A newly discovered vulnerability, dubbed AirSnitch, compromises Wi-Fi security by breaking client isolation, potentially enabling widespread man-in-the-middle attacks, researchers at UC Riverside announced Wednesday.
The flaw isn’t rooted in weaknesses in Wi-Fi’s encryption protocols themselves, but rather in how those protocols are implemented at the lowest levels of the network stack, according to Xin’an Zhou, the lead author of the research and now a researcher at Palo Alto Networks. “AirSnitch breaks worldwide Wi-Fi encryption and it might have the potential to enable advanced cyberattacks,” Zhou said at the 2026 Network and Distributed System Security Symposium in San Diego. He warned that advanced attacks leveraging the vulnerability could lead to cookie stealing and DNS cache poisoning, even when using HTTPS.
Previous attacks, such as those targeting WEP and WPA, focused on cracking the encryption used to secure Wi-Fi traffic. AirSnitch, although, exploits a fundamental failure to properly isolate devices connected to the same wireless network.
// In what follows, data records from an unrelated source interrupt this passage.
(* Let $G$ be an $n$-vertex graph and $k$ a positive integer such that for every two disjoint subsets $S,T\subseteq V(G)$ with $|S|=|T|=k$ there is an edge of $G$ between $S$ and $T$. Let $\mathcal{M}$ be a collection of pairwise disjoint pairs $\{x,y\}\subseteq V(G)$ (where $x=y$ is allowed). Then $G\cup\mathcal{M}$ contains an $\mathcal{M}$-alternating path which uses all but at most $2k-1$ of the pairs in $\mathcal{M}$.
   Context: $G\cup\mathcal{M}$ denotes the graph obtained from $G$ by adding the edge $xy$ for every pair $\{x,y\}\in\mathcal{M}$ with $x\ne y$. A path in $G\cup\mathcal{M}$ is $\mathcal{M}$-alternating if it is of the form $e_1f_1e_2f_2\dots e_lf_l$, where the $e_i$ are edges of $G$ and each $f_i$ is either an edge $xy$ with $\{x,y\}\in\mathcal{M}$, $x\ne y$, or a single vertex $x$ with $\{x,x\}\in\mathcal{M}$. A pair is used by the path if it appears as one of the $f_i$. *)

From mathcomp Require Import all_boot.
Set Implicit Arguments. Unset Strict Implicit. Unset Printing Implicit Defensive.

(* A graph G on vertex set V : finType is a symmetric irreflexive relation e.
   A collection M of pairs is a {set {set V}}; the pair {x,y} is [set x; y],
   which is the singleton [set x] when x = y. *)

Definition pair_set (V : finType) (p : V * V) : {set V} := [set p.1; p.2].

(* Vertices visited by the segments f_1 ... f_l, where f_i is the pair
   (a_i, b_i): the M-edge a_i b_i if a_i != b_i, the single vertex a_i
   if a_i = b_i. *)
Definition seg_vertices (V : finType) (s : seq (V * V)) : seq V :=
  flatten [seq if p.1 == p.2 then [:: p.1] else [:: p.1; p.2] | p <- s].

(* The vertex sequence v0, a_1, (b_1), a_2, (b_2), ..., a_l, (b_l) is an
   M-alternating path e_1 f_1 ... e_l f_l in G \cup M with
   e_1 = v0 a_1 and e_{i+1} = b_i a_{i+1} edges of G, and f_i = {a_i,b_i} in M,
   all vertices distinct. *)
Definition alt_path_from (V : finType) (e : rel V) (M : {set {set V}})
    (v0 : V) (s : seq (V * V)) : Prop :=
  [/\ all (fun p => pair_set p \in M) s,
      path (fun p q => e p.2 q.1) (v0, v0) s
    & uniq (v0 :: seg_vertices s)].

Definition alt_path (V : finType) (e : rel V) (M : {set {set V}})
    (s : seq (V * V)) : Prop :=
  s = [::] \/ exists v0 : V, alt_path_from e M v0 s.

Definition used_pairs (V : finType) (s : seq (V * V)) : {set {set V}} :=
  [set pair_set p | p in s].

From mathcomp Require Import all_boot zify.
Set Implicit Arguments. Unset Strict Implicit. Unset Printing Implicit Defensive.

(* Depth-first search on the pairs of M.  At every moment the pairs are
   split into unvisited ones (S), dead ones (U) and those on the current
   alternating path, kept as a stack.  If the end vertex of the path has a
   G-neighbour y in an unvisited pair, that pair is pushed, entered at y;
   otherwise the last pair is popped and declared dead, its end vertex having
   no neighbour in any unvisited pair.  Each step decreases |S| - |U| by one,
   so at some moment |S| = |U|.  Then |S| < k: otherwise one vertex from each
   of k dead pairs and one from each of k unvisited pairs would give two
   disjoint k-sets with no edge between them.  The path on the stack, minus
   its first pair, misses at most |S| + |U| + 1 <= 2k - 1 pairs. *)

Lemma sorted_rcons_rcons (T : Type) (r : rel T) s x y :
  sorted r (rcons s x) -> r x y -> sorted r (rcons (rcons s x) y).
Proof.
case: s => [|z s] /=; first by move=> _ ->.
by rewrite !rcons_path last_rcons => -> ->.
Qed.

Section Blocks.
Variable T : finType.
Implicit Types (A : {set T}) (F G P : {set {set T}}).

Lemma exists_subset_card A k : k <= #|A| -> exists2 B : {set T}, B \subset A & #|B| = k.
Proof.
case/card_geqP => s [uniq_s <- sA]; exists [set x in s].
  by apply/subsetP => x; rewrite inE => /sA.
by rewrite cardsE; apply/card_uniqP.
Qed.

Lemma trivIset_cover_mem P F A x :
  trivIset P -> F \subset P -> A \in P -> x \in A -> x \in cover F -> A \in F.
Proof.
move=> tiP /subsetP sFP PA Ax /bigcupP [B FB Bx].
by rewrite -(def_pblock tiP PA Ax) (def_pblock tiP (sFP _ FB) Bx).
Qed.

Lemma disjoint_cover P F G :
  trivIset P -> F \subset P -> G \subset P -> [disjoint F & G] ->
  [disjoint cover F & cover G].
Proof.
move=> tiP sFP sGP dFG; rewrite -setI_eq0; apply/eqP/setP => x; rewrite !inE.
apply/negbTE/andP => -[/bigcupP [A FA Ax] Gx].
have PA : A \in P by apply: (subsetP sFP).
by have := trivIset_cover_mem tiP sGP PA Ax Gx; rewrite (disjointFr dFG FA).
Qed.

Lemma card_trivIset_meet F (p : pred T) :
  trivIset F -> {in F, forall A, exists2 x, x \in A & p x} ->
  #|F| <= #|[set x in cover F | p x]|.
Proof.
move=> tiF meet; apply: leq_trans (leq_imset_card (pblock F) _).
apply/subset_leq_card/subsetP => A FA; have [x Ax px] := meet A FA.
apply/imsetP; exists x; last by rewrite (def_pblock tiF FA Ax).
by rewrite inE px andbT; apply/bigcupP; exists A.
Qed.

Lemma trivIset_transversal F (p : pred T) k :
  trivIset F -> {in F, forall A, exists2 x, x \in A & p x} -> k <= #|F| ->
  exists X : {set T}, [/\ #|X| = k, X \subset cover F & {subset X <= p}].
Proof.
move=> tiF meet leF.
have [X sX cardX] := exists_subset_card (leq_trans leF (card_trivIset_meet tiF meet)).
exists X; split=> //; first by apply: subset_trans sX _; apply/subsetP => x /setIdP [].
by move=> x /(subsetP sX) /setIdP [].
Qed.

End Blocks.

Section Segments.
Variable V : finType.
Implicit Types (p : V * V) (s t : seq (V * V)).

Lemma used_pairs_nil : used_pairs [::] = set0 :> {set {set V}}.
Proof. by apply/setP => f; rewrite inE; apply/imsetP => -[]. Qed.

Lemma used_pairs_cons p s : used_pairs (p :: s) = pair_set p |: used_pairs s.
Proof.
apply/setP => f; rewrite !inE; apply/imsetP/orP => [[q]|[/eqP ->|/imsetP [q qs ->]]].
- by rewrite inE => /orP [/eqP -> ->|qs ->]; [left|right; apply: imset_f].
- by exists p; rewrite ?inE ?eqxx.
- by exists q; rewrite // inE qs orbT.
Qed.

Lemma used_pairs_cat s t : used_pairs (s ++ t) = used_pairs s :|: used_pairs t.
Proof.
elim: s => [|p s IH]; first by rewrite used_pairs_nil set0U.
by rewrite cat_cons !used_pairs_cons IH setUA.
Qed.

Lemma used_pairs_rcons s p : used_pairs (rcons s p) = used_pairs s :|: [set pair_set p].
Proof. by rewrite -cats1 used_pairs_cat used_pairs_cons used_pairs_nil setU0. Qed.

Lemma seg_vertices_cat s t : seg_vertices (s ++ t) = seg_vertices s ++ seg_vertices t.
Proof. by rewrite /seg_vertices map_cat flatten_cat. Qed.

Lemma mem_seg_vertices v s : (v \in seg_vertices s) = (v \in cover (used_pairs s)).
Proof.
elim: s => [|p s IH]; first by rewrite used_pairs_nil /cover big_set0 inE.
rewrite used_pairs_cons /cover bigcup_setU -/(cover _) cover1 inE -IH /=.
by rewrite mem_cat /pair_set; case: eqP => [->|_]; rewrite !inE ?orbb.
Qed.

Lemma mem_seg_vertices1 v p : (v \in seg_vertices [:: p]) = (v \in pair_set p).
Proof. by rewrite mem_seg_vertices used_pairs_cons used_pairs_nil setU0 cover1. Qed.

Lemma uniq_seg_vertices1 p : uniq (seg_vertices [:: p]).
Proof. by rewrite /seg_vertices /=; case: eqP => //= /eqP; rewrite inE andbT. Qed.

Lemma pair_set_from (x y z : V) :
  z \in [set x; y] -> exists w, pair_set (z, w) = [set x; y].
Proof.
by rewrite !inE => /orP [] /eqP ->; [exists y | exists x; rewrite /pair_set setUC].
Qed.

End Segments.

Definition joined (V : finType) (e : rel V) (k : nat) :=
  forall S T : {set V}, [disjoint S & T] -> #|S| = k -> #|T| = k ->
    exists x, exists y, [/\ x \in S, y \in T & e x y].

Section DepthFirstSearch.
Variables (V : finType) (e : rel V) (M : {set {set V}}).
Implicit Types (S U : {set {set V}}) (Q : seq (V * V)).

Definition seg_rel : rel (V * V) := fun p q => e p.2 q.1.

Definition isolated_from (A : {set V}) (b : V) := [forall y in A, ~~ e b y].

(* S: unvisited pairs, U: dead pairs, Q: the current path, read from the
   bottom of the stack to its top. *)
Record dfs_state S U Q : Prop := DfsState {
  dfs_partition : M = S :|: U :|: used_pairs Q;
  dfs_unvisited : [disjoint S & U :|: used_pairs Q];
  dfs_dead_unused : [disjoint U & used_pairs Q];
  dfs_sorted : sorted seg_rel Q;
  dfs_uniq : uniq (seg_vertices Q);
  dfs_dead : forall u, u \in U -> exists2 b, b \in u & isolated_from (cover S) b
}.

Lemma dfs_state_sub S U Q :
  dfs_state S U Q -> [/\ S \subset M, U \subset M & used_pairs Q \subset M].
Proof.
by case=> -> *; split; apply/subsetP => f; rewrite !inE => ->; rewrite ?orbT.
Qed.

(* The first pair of the stack is dropped: an alternating path starts with
   an edge of G. *)
Lemma dfs_alt_path S U Q :
  dfs_state S U Q ->
  exists s, alt_path e M s /\ #|M :\: used_pairs s| <= (#|S| + #|U|).+1.
Proof.
move=> st; have [_ _ QM] := dfs_state_sub st.
case: Q st QM => [|b s] st QM.
  exists [::]; split; first by left.
  by rewrite used_pairs_nil setD0 (dfs_partition st) used_pairs_nil setU0 cardsU; lia.
exists s; split.
  right; exists b.2; split.
  - apply/allP => q qs; apply: (subsetP QM).
    by rewrite used_pairs_cons inE; apply/orP; right; apply/imsetP; exists q.
  - by case: s st {QM} => [|q s] st //=; apply: (dfs_sorted st).
  - move: (dfs_uniq st); rewrite -cat1s seg_vertices_cat cat_uniq => /and3P [_ b2s uS].
    rewrite /= uS andbT; apply: contra b2s => b2s; apply/hasP; exists b.2 => //.
    by rewrite mem_seg_vertices1 !inE eqxx orbT.
apply: leq_trans (_ : #|S :|: U :|: [set pair_set b]| <= _); last first.
  by rewrite !cardsU cards1; lia.
apply/subset_leq_card/subsetP => f.
rewrite (dfs_partition st) used_pairs_cons !inE.
by case: (f \in used_pairs s); rewrite ?andbF ?orbF.
Qed.

Lemma dfs_init : dfs_state M set0 [::].
Proof.
split; rewrite ?used_pairs_nil ?setU0 //.
- by rewrite -setI_eq0 setI0.
- by rewrite -setI_eq0 set0I.
- by move=> u; rewrite inE.
Qed.

Lemma dfs_pop S U Q p :
  dfs_state S U (rcons Q p) -> isolated_from (cover S) p.2 ->
  dfs_state S (pair_set p |: U) Q.
Proof.
case=> defM dS dU sQp uQp dead isop.
have sQ : sorted seg_rel Q by move: sQp; rewrite -cats1 => /cat_sorted2 [].
move: (uQp); rewrite -cats1 seg_vertices_cat cat_uniq => /and3P [uQ disjQp _].
have pQ : pair_set p \notin used_pairs Q.
  have p1p : p.1 \in pair_set p by rewrite !inE eqxx.
  apply: contra disjQp => pQ; apply/hasP; exists p.1; first by rewrite mem_seg_vertices1.
  by rewrite mem_seg_vertices; apply/bigcupP; exists (pair_set p).
have defUQ : (pair_set p |: U) :|: used_pairs Q = U :|: used_pairs (rcons Q p).
  rewrite used_pairs_rcons; apply/setP => f; rewrite !inE.
  by case: (f == _); case: (f \in U); case: (f \in used_pairs Q).
split => //.
- by rewrite -(setUA S) defUQ setUA.
- by rewrite defUQ.
- rewrite disjoint_subset; apply/subsetP => f; rewrite !inE.
  case/orP => [/eqP -> //|fU].
  by move: (disjointFr dU fU); rewrite used_pairs_rcons inE => /norP [].
- move=> u /setU1P [->|/dead //]; exists p.2 => //.
  by rewrite /pair_set !inE eqxx orbT.
Qed.

Hypothesis tiM : trivIset M.

Lemma dfs_push S U Q s p :
  dfs_state S U Q -> s \in S -> pair_set p = s -> sorted seg_rel (rcons Q p) ->
  dfs_state (S :\ s) U (rcons Q p).
Proof.
move=> st Ss ps sQp; have [SM _ QM] := dfs_state_sub st.
case: st => defM dS dU _ uQ dead.
have [sU sQ] : s \notin U /\ s \notin used_pairs Q.
  by move: (disjointFr dS Ss); rewrite inE => /norP.
have usedQp : used_pairs (rcons Q p) = used_pairs Q :|: [set s].
  by rewrite used_pairs_rcons ps.
split; rewrite ?usedQp //.
- rewrite defM; apply/setP => f; rewrite !inE.
  by case: (eqVneq f s) => [->|_]; rewrite /= ?Ss ?orbT ?orbF.
- rewrite disjoint_subset; apply/subsetP => f /setD1P [/negbTE fs fS].
  by rewrite !inE fs orbF -in_setU (disjointFr dS fS).
- rewrite disjoint_subset; apply/subsetP => f fU.
  by rewrite !inE (disjointFr dU fU); apply: contraNneq sU => <-.
- rewrite -cats1 seg_vertices_cat cat_uniq uQ uniq_seg_vertices1 andbT /=.
  apply/hasP => -[v]; rewrite mem_seg_vertices1 mem_seg_vertices ps => vs vQ.
  by rewrite (trivIset_cover_mem tiM QM (subsetP SM _ Ss) vs vQ) in sQ.
- move=> u /dead [b ub isob]; exists b => //; apply/forall_inP => y.
  rewrite coverD1 ?inE => [/andP [_ yS]||//]; first exact: (forall_inP isob).
  exact: trivIsetS SM tiM.
Qed.

Hypothesis pairsM : forall f, f \in M -> exists x y : V, f = [set x; y].

Lemma dfs_step S U Q :
  dfs_state S U Q -> S != set0 ->
  exists S' U' Q', dfs_state S' U' Q' /\ #|U'| + #|S| = (#|U| + #|S'|).+1.
Proof.
move=> st /set0Pn [s0 Ss0]; have [SM _ _] := dfs_state_sub st.
have card_push s : s \in S -> #|U| + #|S| = (#|U| + #|S :\ s|).+1.
  by move=> Ss; rewrite (cardsD1 s S) Ss; lia.
case/lastP: Q st => [|Q [a b]] st.
  have [x [y defs0]] := pairsM (subsetP SM _ Ss0).
  exists (S :\ s0), U, [:: (x, y)]; split; last exact: card_push.
  by apply: (dfs_push (Q := [::]) (p := (x, y)) st Ss0 (esym defs0)).
case: (boolP [exists y in cover S, e b y]) => [|isob].
  case/exists_inP => y /bigcupP [s Ss ys] eby.
  have [x [z defs]] := pairsM (subsetP SM _ Ss).
  rewrite defs in ys; have [w psw] := pair_set_from ys.
  exists (S :\ s), U, (rcons (rcons Q (a, b)) (y, w)); split; last exact: card_push.
  apply: (dfs_push st Ss); first by rewrite psw defs.
  by apply: (sorted_rcons_rcons (dfs_sorted st)); exact: eby.
have abU : pair_set (a, b) \notin U.
  by rewrite (disjointFl (dfs_dead_unused st)) // used_pairs_rcons !inE eqxx orbT.
exists S, (pair_set (a, b) |: U), Q; split; last by rewrite cardsU1 abU; lia.
by apply: (dfs_pop st); rewrite /isolated_from -negb_exists_in.
Qed.

Lemma dfs_balanced : exists S U Q, dfs_state S U Q /\ #|S| = #|U|.
Proof.
suff run d S U Q : dfs_state S U Q -> #|U| + d = #|S| ->
    exists S' U' Q', dfs_state S' U' Q' /\ #|S'| = #|U'|.
  by apply: (run #|M| _ _ _ dfs_init); rewrite cards0.
elim: d S U Q => [|d IHd] S U Q st card_SU.
  by exists S, U, Q; rewrite -card_SU addn0.
have [|S' [U' [Q' [st' card_step]]]] := dfs_step st; first by rewrite -card_gt0; lia.
by apply: IHd st' _; lia.
Qed.

Lemma dfs_balanced_lt k S U Q :
  joined e k -> dfs_state S U Q -> #|S| = #|U| -> #|S| < k.
Proof.
move=> joinedk st card_SU; rewrite ltnNge; apply/negP => leS.
have [SM UM _] := dfs_state_sub st.
have dUS : [disjoint U & S].
  by rewrite disjoint_sym; apply: disjointWr (dfs_unvisited st); apply: subsetUl.
have [X [cardX XU isoX]] : exists X : {set V},
    [/\ #|X| = k, X \subset cover U & {subset X <= isolated_from (cover S)}].
  by apply: trivIset_transversal (trivIsetS UM tiM) (dfs_dead st) _; rewrite -card_SU.
have [Y [cardY YS _]] : exists Y : {set V},
    [/\ #|Y| = k, Y \subset cover S & {subset Y <= predT}].
  apply: trivIset_transversal (trivIsetS SM tiM) _ leS.
  by move=> s /(subsetP SM) /pairsM [x [y ->]]; exists x; rewrite ?inE ?eqxx.
have [x [y [xX yY exy]]] :=
  joinedk X Y (disjointW XU YS (disjoint_cover tiM UM SM dUS)) cardX cardY.
by move: (isoX x xX) => /forall_inP /(_ y (subsetP YS y yY)); rewrite exy.
Qed.

End DepthFirstSearch.

Theorem lemma3p17 (n : nat) (V : finType) (e : rel V) (k : nat) (M : {set {set V}}) :
  #|V| = n ->
  symmetric e -> irreflexive e ->
  0 < k ->
  (forall S T : {set V}, [disjoint S & T] -> #|S| = k -> #|T| = k ->
     exists x, exists y, [/\ x \in S, y \in T & e x y]) ->
  (forall f, f \in M -> exists x y : V, f = [set x; y]) ->
  (forall f g, f \in M -> g \in M -> f != g -> [disjoint f & g]) ->
  exists s : seq (V * V),
    alt_path e M s /\ #|M :\: used_pairs s| <= 2 * k - 1.
Proof.
move=> _ _ _ _ joinedk pairsM disjM.
have tiM : trivIset M by apply/trivIsetP => f g fM gM; apply: disjM.
have [S [U [Q [st card_SU]]]] := dfs_balanced e tiM pairsM.
have ltSk := dfs_balanced_lt tiM pairsM joinedk st card_SU.
have [s [alt_s card_s]] := dfs_alt_path st.
by exists s; split => //; lia.
Qed.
This isolation is a core security feature intended to prevent direct communication between connected clients, a promise researchers say is now broken.
The vulnerability stems from a desynchronization of a client’s identity across different layers of the networking stack – specifically Layers 1 and 2. Layer 1 encompasses the physical components of the network, while Layer 2 handles data transmission between devices on the same network. The research demonstrates that attackers can exploit this identity gap to intercept and manipulate data, regardless of whether they are on the same Wi-Fi network (SSID) or a separate one. The attack works across both small home and office networks and larger enterprise deployments.
According to the researchers, the most significant threat posed by AirSnitch is a full, bidirectional man-in-the-middle (MitM) attack. This allows an attacker to not only view data transmitted between devices but also to alter it before it reaches its destination. The researchers shared their findings with vendors prior to publication, but acknowledge that addressing the vulnerabilities will require more than simple software patches, potentially necessitating hardware redesigns.
“The biggest concern is for enterprise environments,” Zhou stated. “Enterprise systems usually protect their networks using the most advanced encryption. So that means enterprises are seemingly relying on a fake sense of security.”
The researchers have proposed mitigation strategies, including stronger separation of encryption keys and improved synchronization of device identities. The findings were detailed in the paper, “AirSnitch: demystifying and breaking client isolation in Wi-Fi networks,” presented at the NDSS Symposium.